The strain ES-1 was isolated from the salt mine and can grow well on TSA supplemented with 0–1.71 M salt concentration (Fig. 2). Genome mining showed that the strain harbors several genes associated with salt tolerance. For instance, the genes betA and betB involved in glycine-betaine synthesis were identified in the ES-1 genome (Supplementary file 2; Table S5). These two genes are reported to be the most important genes associated with salt tolerance (Liu et al. 2016). Further, trehalose functions as an osmoprotectant under extreme conditions such as drought, high salt concentration, and osmotic stress (Duan et al. 2013). Garg and his colleagues previously reported that trehalose accumulates in plant and enhance systematic resistance to abiotic stresses (Garg et al. 2002). In bacteria, five trehalose biosynthesis pathways have been reported including ostsAB, treS, treT, treP, and treYZ (Paul et al. 2008). Here, in the strain ES-1 genome, treP biosynthesis pathway was identified. In addition, trehalose regulator (treR) and transport (sugA) genes were also identified in the ES-1 genome. Trehalose biosynthesis via treP biosynthesis is a single-step process where glucose are converted to trehalose by trehalose phosphorylase (treP). Subsequently, trehalose may be hydrolyzed via treA and produce two glucose molecules. This is a common pathway present in the microorganism and associated with adaptation and survival in extreme environments.

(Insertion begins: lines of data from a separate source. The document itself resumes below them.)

(* Let $m$ be a positive integer and let $r,\ell,h,p,q$ be nonnegative integers with $\ell\ge 2$ satisfying: (1) $h<2^{\ell-2}$; (2) $rm=p\cdot 2^{\ell+1}+2^{\ell-1}+h$; (3) $(r+1)m\leq p\cdot 2^{\ell+1}+5\cdot 2^{\ell-2}$; (4) $(r+2^{\ell-2})m=q\cdot 2^{\ell+1}+3\cdot 2^{\ell-2}+h$; (5) $\mathbf t_{p+1}\neq\mathbf t_{q+1}$. Then $\langle rm+1,(r+1)m\rangle=\langle (r+2^{\ell-2})m+1,(r+2^{\ell-2}+1)m\rangle$, and consequently $\mathfrak K(m)\leq r+2^{\ell-2}+1$.
   Context: The Thue–Morse word is $\mathbf t=\mathbf t_1\mathbf t_2\cdots$ where $\mathbf t_i\in\{0,1\}$ has the parity of the number of $1$'s in the binary expansion of $i-1$. For positive integers $\alpha\le\beta$, $\langle\alpha,\beta\rangle=\mathbf t_\alpha\mathbf t_{\alpha+1}\cdots\mathbf t_\beta$. A $k$-anti-power is a word $w_1\cdots w_k$ with $w_1,\dots,w_k$ pairwise distinct words of equal length. For a positive integer $m$, $\mathfrak K(m)$ is the smallest positive integer $k$ such that the prefix $\langle 1,km\rangle$ of $\mathbf t$ is not a $k$-anti-power (i.e. the smallest $k$ such that $\langle (k-1)m+1,km\rangle=\langle nm+1,(n+1)m\rangle$ for some $0\le n<k-1$). *)

From mathcomp Require Import all_boot.
Set Implicit Arguments. Unset Strict Implicit. Unset Printing Implicit Defensive.

Fixpoint popcount_aux (fuel n : nat) : nat :=
  match fuel with
  | 0 => 0
  | f.+1 => if n is 0 then 0 else odd n + popcount_aux f n./2
  end.
Definition popcount (n : nat) : nat := popcount_aux n n.

(* Thue--Morse word, 1-indexed: t_i = parity of popcount (i-1) *)
Definition tm (i : nat) : bool := odd (popcount i.-1).

Definition factor (a b : nat) : seq bool := [seq tm i | i <- iota a (b.+1 - a)].

(* block n (0-based) of length m of the prefix: <n m + 1, (n+1) m> *)
Definition block (m n : nat) : seq bool := factor (n * m).+1 (n.+1 * m).

Definition is_antipower_prefix (m k : nat) : Prop :=
  forall i j, i < k -> j < k -> block m i = block m j -> i = j.

(* K(m) <= N  :<=>  the smallest positive k with <1,km> not a k-anti-power
   exists and is at most N *)
Definition Kfrak_le (m N : nat) : Prop :=
  exists k, 0 < k <= N /\ ~ is_antipower_prefix m k.

(** Write [a = 2^(l-2)].  Hypotheses (2)-(4) place the two blocks as
    [<p 8a + 2a + h + 1, ...>] and [<q 8a + 3a + h + 1, ...>], both of length
    [m <= 3a - h].  Inside a block of length [8a] of the Thue--Morse word,
    [t_(n 8a + x + 1) = t_(n+1) xor t_(x+1)], and the windows of length [3a]
    starting at offsets [2a] and [3a] are complementary (they read
    [t_3 t_4 t_5] and [t_4 t_5 t_6] at scale [a], i.e. [1 0 1] against
    [0 1 0]).  Since [t_(p+1) <> t_(q+1)], the two complementations cancel and
    the blocks coincide. *)

From mathcomp Require Import all_boot.
From mathcomp Require Import zify.

Lemma half_ltS n : n.+1./2 <= n.
Proof. rewrite leq_half_double -addnn; lia. Qed.

Lemma popcount_aux_fuel f g n : n <= f -> n <= g ->
  popcount_aux f n = popcount_aux g n.
Proof.
elim: f g n => [|f IHf] [|g] [|n] //= lenf leng.
by congr (_ + _); apply: IHf; have := half_ltS n; lia.
Qed.

Lemma popcountE n : 0 < n -> popcount n = odd n + popcount n./2.
Proof.
case: n => [|n] // _; rewrite /popcount /=.
by congr (_ + _); apply: popcount_aux_fuel; have := half_ltS n; lia.
Qed.

Lemma popcount_bit_double (b : bool) n : popcount (b + n.*2) = b + popcount n.
Proof.
have [-> | n_gt0] := posnP n; first by case: b.
rewrite popcountE ?half_bit_double ?oddD ?odd_double ?addbF ?oddb //.
by rewrite -double_gt0 in n_gt0; lia.
Qed.

Lemma popcount_mul_expD n k x : x < 2 ^ k ->
  popcount (n * 2 ^ k + x) = popcount n + popcount x.
Proof.
elim: k n x => [|k IHk] n x.
  by rewrite expn0 ltnS leqn0 => /eqP->; rewrite muln1 !addn0.
rewrite expnS => ltx.
have lt_half : x./2 < 2 ^ k.
  by move: ltx; rewrite -{1}(odd_double_half x); case: (odd x); lia.
have -> : n * (2 * 2 ^ k) + x = odd x + (n * 2 ^ k + x./2).*2.
  by rewrite -{1}(odd_double_half x) -!muln2; lia.
rewrite -{3}(odd_double_half x) !popcount_bit_double IHk //; lia.
Qed.

Lemma tm_mul_expD n k x : x < 2 ^ k -> tm (n * 2 ^ k + x).+1 = tm n.+1 (+) tm x.+1.
Proof. by move=> ltx; rewrite /tm /= popcount_mul_expD // oddD. Qed.

Lemma tm_window_compl k x : x < 3 * 2 ^ k ->
  tm (2 * 2 ^ k + x).+1 = ~~ tm (3 * 2 ^ k + x).+1.
Proof.
move=> ltx.
have [ltx1 | lex1] := ltnP x (2 ^ k).
  by rewrite !tm_mul_expD //; case: (tm x.+1).
have [ltx2 | lex2] := ltnP x (2 * 2 ^ k).
  have E3 : 3 * 2 ^ k + x = 4 * 2 ^ k + (x - 2 ^ k) by lia.
  have E2 : 2 * 2 ^ k + x = 3 * 2 ^ k + (x - 2 ^ k) by lia.
  by rewrite E3 E2 !tm_mul_expD; [case: (tm (x - _).+1) | lia | lia].
have E3 : 3 * 2 ^ k + x = 5 * 2 ^ k + (x - 2 * 2 ^ k) by lia.
have E2 : 2 * 2 ^ k + x = 4 * 2 ^ k + (x - 2 * 2 ^ k) by lia.
by rewrite E3 E2 !tm_mul_expD; [case: (tm (x - _).+1) | lia | lia].
Qed.

Lemma factorE a n : factor a.+1 (a + n) = [seq tm (a + k).+1 | k <- iota 0 n].
Proof.
rewrite /factor subSS addKn -[a.+1]addn0 iotaDl -map_comp.
by apply: eq_map => k /=; rewrite addSn.
Qed.

Lemma eq_block m i j :
  (forall k, k < m -> tm (i * m + k).+1 = tm (j * m + k).+1) ->
  block m i = block m j.
Proof.
move=> eq_tm; rewrite /block !mulSn ![m + _]addnC !factorE.
by apply/eq_in_map => k; rewrite mem_iota => /andP[_ ltkm]; apply: eq_tm.
Qed.

Lemma Kfrak_le_of_eq_block m i j : i < j -> block m i = block m j -> Kfrak_le m j.+1.
Proof.
move=> ltij eq_ij; exists j.+1; split=> [|antipower]; first by rewrite leqnn.
by have := antipower i j (leqW ltij) (ltnSn j) eq_ij; lia.
Qed.

Theorem lemma1 (m r l h p q : nat) :
  0 < m -> 2 <= l ->
  h < 2 ^ (l - 2) ->
  r * m = p * 2 ^ l.+1 + 2 ^ (l - 1) + h ->
  r.+1 * m <= p * 2 ^ l.+1 + 5 * 2 ^ (l - 2) ->
  (r + 2 ^ (l - 2)) * m = q * 2 ^ l.+1 + 3 * 2 ^ (l - 2) + h ->
  tm p.+1 != tm q.+1 ->
  factor (r * m).+1 (r.+1 * m) =
    factor ((r + 2 ^ (l - 2)) * m).+1 ((r + 2 ^ (l - 2)).+1 * m)
  /\ Kfrak_le m (r + 2 ^ (l - 2)).+1.
Proof.
move=> m_gt0; case: l => [|[|k]] // _; rewrite !subSS !subn0.
move=> lt_h def_rm le_r1m def_ram tm_pq.
have a_gt0 : 0 < 2 ^ k by rewrite expn_gt0.
have pow1 : 2 ^ k.+1 = 2 * 2 ^ k by rewrite expnS.
have pow3 : 2 ^ k.+3 = 8 * 2 ^ k by rewrite !expnS; lia.
have eq_tm i : i < m -> tm (r * m + i).+1 = tm ((r + 2 ^ k) * m + i).+1.
  move=> lt_im; have lt_x : h + i < 3 * 2 ^ k by rewrite mulSn in le_r1m; lia.
  have -> : r * m + i = p * 2 ^ k.+3 + (2 * 2 ^ k + (h + i)) by lia.
  have -> : (r + 2 ^ k) * m + i = q * 2 ^ k.+3 + (3 * 2 ^ k + (h + i)) by lia.
  rewrite (tm_mul_expD p) ?(tm_mul_expD q) ?tm_window_compl; [|lia..].
  by move: tm_pq; case: (tm p.+1); case: (tm q.+1); case: (tm (3 * _ + _).+1).
have eq_blocks : block m r = block m (r + 2 ^ k) by apply: eq_block.
split; first exact: eq_blocks.
by apply: Kfrak_le_of_eq_block eq_blocks; lia.
Qed.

Furthermore, several osmoregulatory receptor genes were identified in the ES-1 genome (Supplementary file 2; Table S5). For instance, the kdpD is responsible for detecting hyperosmotic stress and triggering the expression of genes involved in the accumulation of solutes and cell wall synthesis (Möker et al. 2004). In response to high salt concentration, they may also trigger the expression of kdp operon, which encodes for a high-affinity K+ ions uptake system (Heermann and Jung 2010). Additionally, the genes encoding for transport systems such as Na+/H+ antiporter transport system for exporting Na+ and importing H+ and K+ transport system for K+ accumulation (Epstein 2003) were determined in the ES-1 genome to survive in hyperosmotic conditions ( Supplementary file 2; Table S5). The strain ES-1 genome also carries protein quality control system-related gene htpG, htpX, groL, groS, grpE, dnaK, and dnaJ, which are called molecular chaperons and play a vital role in stress response (Susin et al. 2006).

Conclusion

The current study sheds light on the genomic and biochemical characterization of a potential plant growth-promoting B. paralicheniformis strain ES-1 isolated from an unexplored salt mine in Karak, Pakistan. Among B. paralicheniformis species the strain MDJK30 was previously reported as potential PGPB and 11 secondary metabolites BGCs were identified (Wang et al. 2017) as compared to ES-1 where 12 BGCs were found. Furthermore, the current study revealed various features of B. paralicheniformis that are associated with their commensal lifestyle with plant roots such as open pan-genome, high diversity of transport, and the metabolism of amino acids and carbohydrates. The essential genomic and plant growth-promoting characteristics of strain ES-1 highlight the conjunction application of various microbes and imply the future research focus towards a holistic strategy for plant growth promotion. The complementarity of their antimicrobial activities and plant growth promotion will pave the way for their application as an alternative sustainable approach to enhance agriculture production under salt-stress conditions.